Notably, French tax residents who are beneficiaries or founders of a foreign trust are required to declare the existence of such a trust and to disclose annually the assets (including works of art, if any) owned by the trust and their value. If a natural person buys works of art with the intention of reselling them, such activity qualifies as a commercial activity. To determine whether a natural person selling works of art carries out a professional activity of trading works of art, the French tax administration takes into account several criteria, mainly the number of transactions and the time between purchase and sale. Such taxable professional income is subject to progressive income tax rates (from 11 to 45%) and social taxes. As in the other countries reviewed, in France, the profits of legal entities from the sale of works of art are subject to corporate income tax.
France also has tax regulation aimed at encouraging the purchase of works by contemporary artists. This applies in cases where the company is not engaged in the sale of works of art, but purchases the work of art as a fixed asset. In this case, companies can deduct from their taxable income the cost of purchasing original works of art by living artists - provided that the works of art are publicly visible or located in places accessible to employees throughout the tax deduction period. Acquisition costs are deductible in equal proportions from the company's taxable profit in the year of acquisition and in the four following years (i.e. 1/5 per year). The amount of the deduction may not exceed the limit - 20,000 euros or 5% of the company's turnover, minus the amount of certain donations given by the company to qualified non-profit organizations, which gives the right to reduce corporate income tax.
In Latvia, there are no special rules or reliefs for income in transactions with works of art.
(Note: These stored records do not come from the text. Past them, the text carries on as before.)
From mathcomp Require Import all_boot all_order all_algebra.
From mathcomp Require Import all_classical all_reals all_analysis.
From mathcomp Require Import ring lra.
Import Order.TTheory GRing.Theory Num.Theory.
Local Open Scope ring_scope.

(* The left-hand side is [(2^n/|T|)^2] times the noise stability
   [Stab_d f = \sum_S d^|S| fhat(S)^2], and Bonami's hypercontractive inequality
   gives [Stab_d f <= ||f||_(1+d)^2] for the uniform probability on the cube.
   It is proved by induction on [n]: writing [f] as [g + h] or [g - h] according
   to its first coordinate, [Stab_d f = Stab_d g + d Stab_d h]; the reverse
   Minkowski inequality for the exponent [(1+d)/2 <= 1] merges the two norms,
   and the two-point inequality
   [(a^2 + d b^2)^((1+d)/2) <= (|a+b|^(1+d) + |a-b|^(1+d))/2], proved by
   calculus, closes the induction.  As [|f| <= 1+eps] on its support [T],
   [||f||_(1+d)^2 <= (1+eps)^2 (|T|/2^n)^(2/(1+d))], and [2 - 2/(1+d) <= 2d]. *)

Section Hypercontractivity.
Context {R : realType}.
Implicit Types (a c d k l p r s t u : R) (f df : R -> R).

Lemma powR_le_tangent (y : R) r : 0 <= y -> 0 <= r <= 1 -> powR y r <= 1 + r * (y - 1).
Proof.
move=> y0 /andP[r0 r1].
have [->|rn0] := eqVneq r 0; first by rewrite powRr0 mul0r addr0.
have [->|yn0] := eqVneq y 0; first by rewrite powR0 // add0r; lra.
have yp : 0 < y by rewrite lt0r yn0 y0.
have := concave_ln (Itv01 r0 r1) yp ltr01.
rewrite !convRE /= ln1 mulr0 addr0 mulr1 /unstable.onem => conc.
have pos : 0 < r * y + (1 - r).
  have [->|r1'] := eqVneq r 1; first by rewrite mul1r subrr addr0.
  have : 0 < 1 - r by rewrite subr_gt0 lt_neqAle r1' r1.
  have : 0 <= r * y by rewrite mulr_ge0.
  lra.
rewrite /powR (negbTE yn0); apply: le_trans (_ : expR (ln (r * y + (1 - r))) <= _).
  by rewrite ler_expR.
rewrite lnK ?posrE //; lra.
Qed.

Lemma powR_ge_tangent (y : R) s : 0 < y -> s <= 0 -> 1 + s * (y - 1) <= powR y s.
Proof.
move=> y0 s0; rewrite /powR gt_eqF //; apply: le_trans (expR_ge1Dx _).
rewrite lerD2l ler_wnM2l // -[X in ln X](subrKC 1) le_ln1Dx //; lra.
Qed.

Lemma powR_concave l (x y : R) r : 0 <= l <= 1 -> 0 <= x -> 0 <= y -> 0 <= r <= 1 ->
  l * powR x r + (1 - l) * powR y r <= powR (l * x + (1 - l) * y) r.
Proof.
move=> /andP[l0 l1] x0 y0 r01; case/andP: (r01) => r0 r1.
have [->|rn0] := eqVneq r 0; first by rewrite !powRr0; lra.
set w := l * x + (1 - l) * y.
have [lx0 ly0] : 0 <= l * x /\ 0 <= (1 - l) * y by rewrite !mulr_ge0 ?subr_ge0.
have [w0|wn0] := eqVneq w 0.
  have vanish (a b : R) : a * b = 0 -> a * powR b r = 0.
    by move/eqP; rewrite mulf_eq0 => /orP[]/eqP ->; rewrite ?mul0r // powR0 ?mulr0.
  by rewrite w0 powR0 // !vanish //; move: w0; rewrite /w; lra.
have wp : 0 < w by rewrite lt0r wn0 addr_ge0.
(* the tangent line of [powR ^~ r] at [w], rescaled from the tangent at [1] *)
have tangent z : 0 <= z -> powR z r <= powR w r * (1 + r * (z / w - 1)).
  move=> z0; rewrite -{1}(divfK wn0 z) powRM ?divr_ge0 ?(ltW wp) // mulrC.
  by rewrite ler_pM2l ?powR_gt0 // powR_le_tangent ?divr_ge0 ?(ltW wp).
have convex_comb : l * (x / w) + (1 - l) * (y / w) = 1 by rewrite !mulrA -mulrDl divff.
have lm0 : 0 <= 1 - l by rewrite subr_ge0.
have := lerD (ler_wpM2l l0 (tangent x x0)) (ler_wpM2l lm0 (tangent y y0)).
congr (_ <= _).
have e : powR w r = powR w r * (1 + r * (l * (x / w) + (1 - l) * (y / w) - 1)).
  by rewrite convex_comb subrr mulr0 addr0 mulr1.
by rewrite [RHS]e; ring.
Qed.

(** * Power means *)

Section PowerMean.
Context {I : finType}.
Implicit Types (G H : I -> R).

Definition power_mean c r G : R := powR (c * \sum_i powR (G i) r) r^-1.

Lemma powR_invrK a r : 0 <= a -> r != 0 -> powR (powR a r) r^-1 = a.
Proof. by move=> a0 rn0; rewrite -powRrM mulfV // powRr1. Qed.

Lemma mul_sum_powR_ge0 c r G : 0 <= c -> 0 <= c * \sum_i powR (G i) r.
Proof. by move=> c0; rewrite mulr_ge0 // sumr_ge0 // => i _; exact: powR_ge0. Qed.

Lemma power_mean_ge0 c r G : 0 <= power_mean c r G.
Proof. exact: powR_ge0. Qed.

Lemma powR_power_mean c r G : 0 <= c -> r != 0 ->
  powR (power_mean c r G) r = c * \sum_i powR (G i) r.
Proof.
by move=> c0 rn0; rewrite -powRrM mulVf // powRr1 // mul_sum_powR_ge0.
Qed.

Lemma le_power_mean c r G H : 0 <= c -> 0 < r ->
  (forall i, 0 <= G i <= H i) -> power_mean c r G <= power_mean c r H.
Proof.
move=> c0 r0 GH; apply: ge0_ler_powR; rewrite ?nnegrE ?invr_ge0 ?(ltW r0) ?mul_sum_powR_ge0 //.
rewrite ler_wpM2l // ler_sum // => i _; have /andP[G0 GHi] := GH i.
by apply: ge0_ler_powR; rewrite ?nnegrE ?(ltW r0) // (le_trans G0).
Qed.

Lemma power_meanZ c r d G : 0 <= c -> 0 < r -> 0 <= d -> (forall i, 0 <= G i) ->
  power_mean c r (fun i => d * G i) = d * power_mean c r G.
Proof.
move=> c0 r0 d0 G0; rewrite /power_mean.
under eq_bigr => i _ do rewrite powRM //.
rewrite -mulr_sumr mulrCA [LHS]powRM ?powR_ge0 ?mul_sum_powR_ge0 //.
by rewrite powR_invrK // gt_eqF.
Qed.

Lemma power_mean_ge1 c r G : 0 < r -> 1 <= c * \sum_i powR (G i) r -> 1 <= power_mean c r G.
Proof.
move=> r0 ge1; apply: le_trans (_ : powR 1 r^-1 <= _); first by rewrite powR1.
apply: ge0_ler_powR; rewrite ?nnegrE ?invr_ge0 ?(ltW r0) //.
exact: le_trans ge1.
Qed.

(* Reverse Minkowski inequality: normalize both means to 1 and use the
   concavity of [powR ^~ r] pointwise. *)
Lemma power_mean_superadditive c r G H : 0 < c -> 0 < r <= 1 ->
  (forall i, 0 <= G i) -> (forall i, 0 <= H i) ->
  power_mean c r G + power_mean c r H <= power_mean c r (fun i => G i + H i).
Proof.
move=> /ltW c0 /andP[r0 r1] G0 H0.
have GH0 i : 0 <= G i + H i by rewrite addr_ge0.
set A := power_mean c r G; set B := power_mean c r H.
have [->|An0] := eqVneq A 0.
  by rewrite add0r; apply: le_power_mean => // i; rewrite H0 lerDr G0.
have [->|Bn0] := eqVneq B 0.
  by rewrite addr0; apply: le_power_mean => // i; rewrite G0 lerDl H0.
have Ap : 0 < A by rewrite lt0r An0 power_mean_ge0.
have Bp : 0 < B by rewrite lt0r Bn0 power_mean_ge0.
have normalized F : (forall i, 0 <= F i) -> 0 < power_mean c r F ->
    c * \sum_i powR ((power_mean c r F)^-1 * F i) r = 1.
  move=> F0 Fp; rewrite -powR_power_mean ?gt_eqF //.
  by rewrite power_meanZ ?invr_ge0 ?(ltW Fp) // mulVf ?gt_eqF // powR1.
have nG := normalized G G0 Ap; have nH := normalized H H0 Bp.
rewrite -/A -/B in nG nH; clearbody A B.
have Wp : 0 < A + B by rewrite addr_gt0.
have l01 : 0 <= A / (A + B) <= 1.
  by rewrite divr_ge0 ?(ltW Ap) ?(ltW Wp) // ler_pdivrMr // mul1r lerDl (ltW Bp).
have split i : (A + B)^-1 * (G i + H i) =
    A / (A + B) * (A^-1 * G i) + (1 - A / (A + B)) * (B^-1 * H i).
  by field; rewrite !gt_eqF.
have : 1 <= power_mean c r (fun i => (A + B)^-1 * (G i + H i)).
  apply: power_mean_ge1 => //.
  set l := A / (A + B) in l01 split *.
  apply: le_trans (_ : l * (c * \sum_i powR (A^-1 * G i) r) +
                      (1 - l) * (c * \sum_i powR (B^-1 * H i) r) <= _).
    by rewrite nG nH; lra.
  rewrite mulrCA [X in _ + X]mulrCA -mulrDr ler_wpM2l // !mulr_sumr -big_split.
  apply: ler_sum => i _; rewrite split; case/andP: l01 => l0 l1.
  by apply: powR_concave; rewrite ?l0 ?l1 ?mulr_ge0 ?invr_ge0 ?(ltW Ap) ?(ltW Bp) ?(ltW r0).
by rewrite power_meanZ ?invr_ge0 ?(ltW Wp) // ler_pdivlMl // mulr1.
Qed.

Lemma power_mean_le_support (A : {set I}) c r M G : 0 <= c -> 0 < r -> 0 <= M ->
  (forall i, i \notin A -> G i = 0) -> (forall i, i \in A -> 0 <= G i <= M) ->
  power_mean c r G <= powR (c * #|A|%:R) r^-1 * M.
Proof.
move=> c0 r0 M0 Gout Gin.
apply: le_trans (_ : power_mean c r (fun i => M * (i \in A)%:R) <= _).
  apply: le_power_mean => // i; have [iA|iA] := boolP (i \in A).
    by rewrite mulr1 Gin.
  by rewrite Gout // mulr0 lexx.
rewrite power_meanZ //.
rewrite mulrC /power_mean (bigID (mem A)) /= [X in _ + X]big1 => [|i /negbTE ->]; last first.
  by rewrite powR0 // gt_eqF.
by rewrite addr0 (eq_bigr (fun=> 1)) ?sumr_const // => i ->; rewrite powR1.
Qed.

End PowerMean.

(** * The two-point inequality *)

Lemma is_derive_affine a (b : R) u : is_derive u 1 (fun v : R => a + b * v) b.
Proof.
have -> : (fun v : R => a + b * v) = cst a + b \*: id by apply/funext.
by apply: is_derive_eq; rewrite add0r; exact: mulr1.
Qed.

Lemma is_derive_powR_affine p (b : R) u : 0 < 1 + b * u ->
  is_derive u 1 (fun v => powR (1 + b * v) p) (p * powR (1 + b * u) (p - 1) * b).
Proof.
move=> pos; have -> : (fun v => powR (1 + b * v) p) = (@powR R ^~ p) \o (fun v => 1 + b * v) by [].
by apply: is_derive1_comp; [exact: is_derive1_powR | exact: is_derive_affine].
Qed.

Lemma is_derive_quadratic k u : is_derive u 1 (fun v : R => 0 + k * v ^+ 2) (2 * k * u).
Proof.
have -> : (fun v : R => 0 + k * v ^+ 2) = cst 0 + k \*: ((id : R -> R) * id) by apply/funext.
apply: is_derive_eq; transitivity (0 + k * (u * 1 + u * 1)); first by [].
ring.
Qed.

Lemma ge0_derive_le f df a (b : R) : a <= b ->
  (forall x, a <= x <= b -> is_derive x 1 f (df x)) ->
  (forall x, a < x < b -> 0 <= df x) -> f a <= f b.
Proof.
move=> ab der dfge0.
have der_open x : x \in `]a, b[ -> is_derive x 1 f (df x).
  by rewrite in_itv => /andP[ax xb]; apply: der; rewrite !ltW.
apply: (@ger0_derive1_ndecr _ f a b) => //.
- by move=> x /der_open [].
- move=> x xab; rewrite derive1E; have [_ ->] := der_open x xab.
  by apply: dfge0; rewrite in_itv in xab.
apply: derivable_within_continuous => x; rewrite in_itv /= => xab.
by have [] := der x xab.
Qed.

(* The affine arguments are spelled [1 + 1 * v], [1 + (-1) * v] and [0 + _]
   below so that the derivative lemmas above apply verbatim. *)
Lemma powR_odd_part_ge s t : 0 <= s <= 1 -> 0 <= t < 1 ->
  2 * s * t <= powR (1 + t) s - powR (1 - t) s.
Proof.
move=> /andP[s0 s1] /andP[t0 t1].
pose f := (fun v => powR (1 + 1 * v) s) - (fun v => powR (1 + (-1) * v) s)
          - (fun v : R => 0 + 2 * s * v).
pose df x := s * powR (1 + 1 * x) (s - 1) * 1
             - s * powR (1 + (-1) * x) (s - 1) * (-1) - 2 * s.
have : f 0 <= f t.
  apply: (@ge0_derive_le f df) => // [x /andP[x0 xt]|x /andP[x0 xt]].
    apply: is_deriveB; last exact: is_derive_affine.
    by apply: is_deriveB; apply: is_derive_powR_affine; lra.
  (* each power lies above its tangent line at [1], and the slopes cancel *)
  have := @powR_ge_tangent (1 + 1 * x) (s - 1); have := @powR_ge_tangent (1 + (-1) * x) (s - 1).
  rewrite /df; nra.
have Ef v : f v = powR (1 + 1 * v) s - powR (1 + (-1) * v) s - (0 + 2 * s * v) by [].
rewrite !Ef !mulr0 !addr0 powR1 !mul1r mulN1r; lra.
Qed.

Lemma powR_even_part_ge_lt1 s t : 0 <= s <= 1 -> 0 <= t < 1 ->
  2 + (1 + s) * s * t ^+ 2 <= powR (1 + t) (1 + s) + powR (1 - t) (1 + s).
Proof.
move=> s01 /andP[t0 t1]; case/andP: (s01) => s0 s1.
pose f := (fun v => powR (1 + 1 * v) (1 + s)) + (fun v => powR (1 + (-1) * v) (1 + s))
          - (fun v : R => 0 + (1 + s) * s * v ^+ 2).
pose df x := (1 + s) * powR (1 + 1 * x) (1 + s - 1) * 1
             + (1 + s) * powR (1 + (-1) * x) (1 + s - 1) * (-1) - 2 * ((1 + s) * s) * x.
have : f 0 <= f t.
  apply: (@ge0_derive_le f df) => // [x /andP[x0 xt]|x /andP[x0 xt]].
    apply: is_deriveB; last exact: is_derive_quadratic.
    by apply: is_deriveD; apply: is_derive_powR_affine; lra.
  have -> : df x = (1 + s) * (powR (1 + x) s - powR (1 - x) s - 2 * s * x).
    by rewrite /df !mul1r !mulN1r (addrC 1 s) addrK; ring.
  rewrite mulr_ge0 ?subr_ge0 ?powR_odd_part_ge //; first lra.
  by rewrite (ltW x0) (lt_trans xt t1).
have Ef v : f v = powR (1 + 1 * v) (1 + s) + powR (1 + (-1) * v) (1 + s)
                  - (0 + (1 + s) * s * v ^+ 2) by [].
rewrite !Ef expr0n /= !mulr0 !addr0 powR1 !mul1r mulN1r; lra.
Qed.

Lemma powR_even_part_ge s t : 0 <= s <= 1 -> 0 <= t <= 1 ->
  2 + (1 + s) * s * t ^+ 2 <= powR (1 + t) (1 + s) + powR (1 - t) (1 + s).
Proof.
move=> s01 /andP[t0]; rewrite le_eqVlt => /predU1P[->|t1]; last first.
  by apply: powR_even_part_ge_lt1; rewrite ?t0.
case/andP: (s01) => s0 s1; set k := (1 + s) * s.
have [k0 k2] : 0 <= k /\ k <= 2 by rewrite /k; split; nra.
rewrite subrr powR0 ?expr1n ?mulr1 ?addr0; last by rewrite gt_eqF //; lra.
(* the endpoint [t = 1] is the limit of the case [t = 1 - u], [u > 0], which
   misses it by at most [5 u] *)
apply/ler_addgt0Pr => e e0; set u := e / (e + 5).
have [u0 u1] : 0 < u /\ u < 1 by rewrite /u ltr_pdivrMr ?divr_gt0; lra.
have := @powR_even_part_ge_lt1 s (1 - u) s01 (ltac:(apply/andP; split; lra)).
have -> : 1 - (1 - u) = u by ring.
have top : powR (1 + (1 - u)) (1 + s) <= powR (1 + 1) (1 + s).
  by apply: ge0_ler_powR; rewrite ?nnegrE; lra.
have small : powR u (1 + s) <= u by apply: ge1r_powR; rewrite ?u0 ?(ltW u1) //; lra.
have u5 : 5 * u <= e by rewrite /u mulrA ler_pdivrMr ?addr_gt0 //; nra.
rewrite -/k; nra.
Qed.

Lemma powR_sqr_half (x : R) p : powR (x ^+ 2) (p / 2) = powR `|x| p.
Proof.
by rewrite -(real_normK (num_real x)) -powR_mulrn // -powRrM mulrC -mulrA mulVf ?mulr1.
Qed.

Lemma two_point_unit d t : 0 <= d <= 1 -> 0 <= t <= 1 ->
  powR (1 + d * t ^+ 2) ((1 + d) / 2) <= (powR (1 + t) (1 + d) + powR (1 - t) (1 + d)) / 2.
Proof.
move=> d01 t01; case/andP: (d01) => d0 d1.
have y0 : 0 <= 1 + d * t ^+ 2 by apply: addr_ge0; [exact: ler01 | exact: mulr_ge0 d0 (sqr_ge0 t)].
have r01 : 0 <= (1 + d) / 2 <= 1 by apply/andP; split; lra.
have := @powR_le_tangent (1 + d * t ^+ 2) ((1 + d) / 2) y0 r01.
have := @powR_even_part_ge d t d01 t01; nra.
Qed.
If a natural person buys and sells works of art, then it can be considered an economic activity, which must be registered with the State Revenue Service before starting it.
The activity of a natural person qualifies as an economic activity if it meets the following criteria:
- regularity and systematicity of transactions (three or more transactions in a tax period or five or more transactions in three tax periods);
- income from the transaction exceeds 14,229 euros per year, excluding income from the expropriation of personal property;
- the economic nature of the activity or the amount of things owned by a person indicate a systematic activity with the aim of obtaining compensation.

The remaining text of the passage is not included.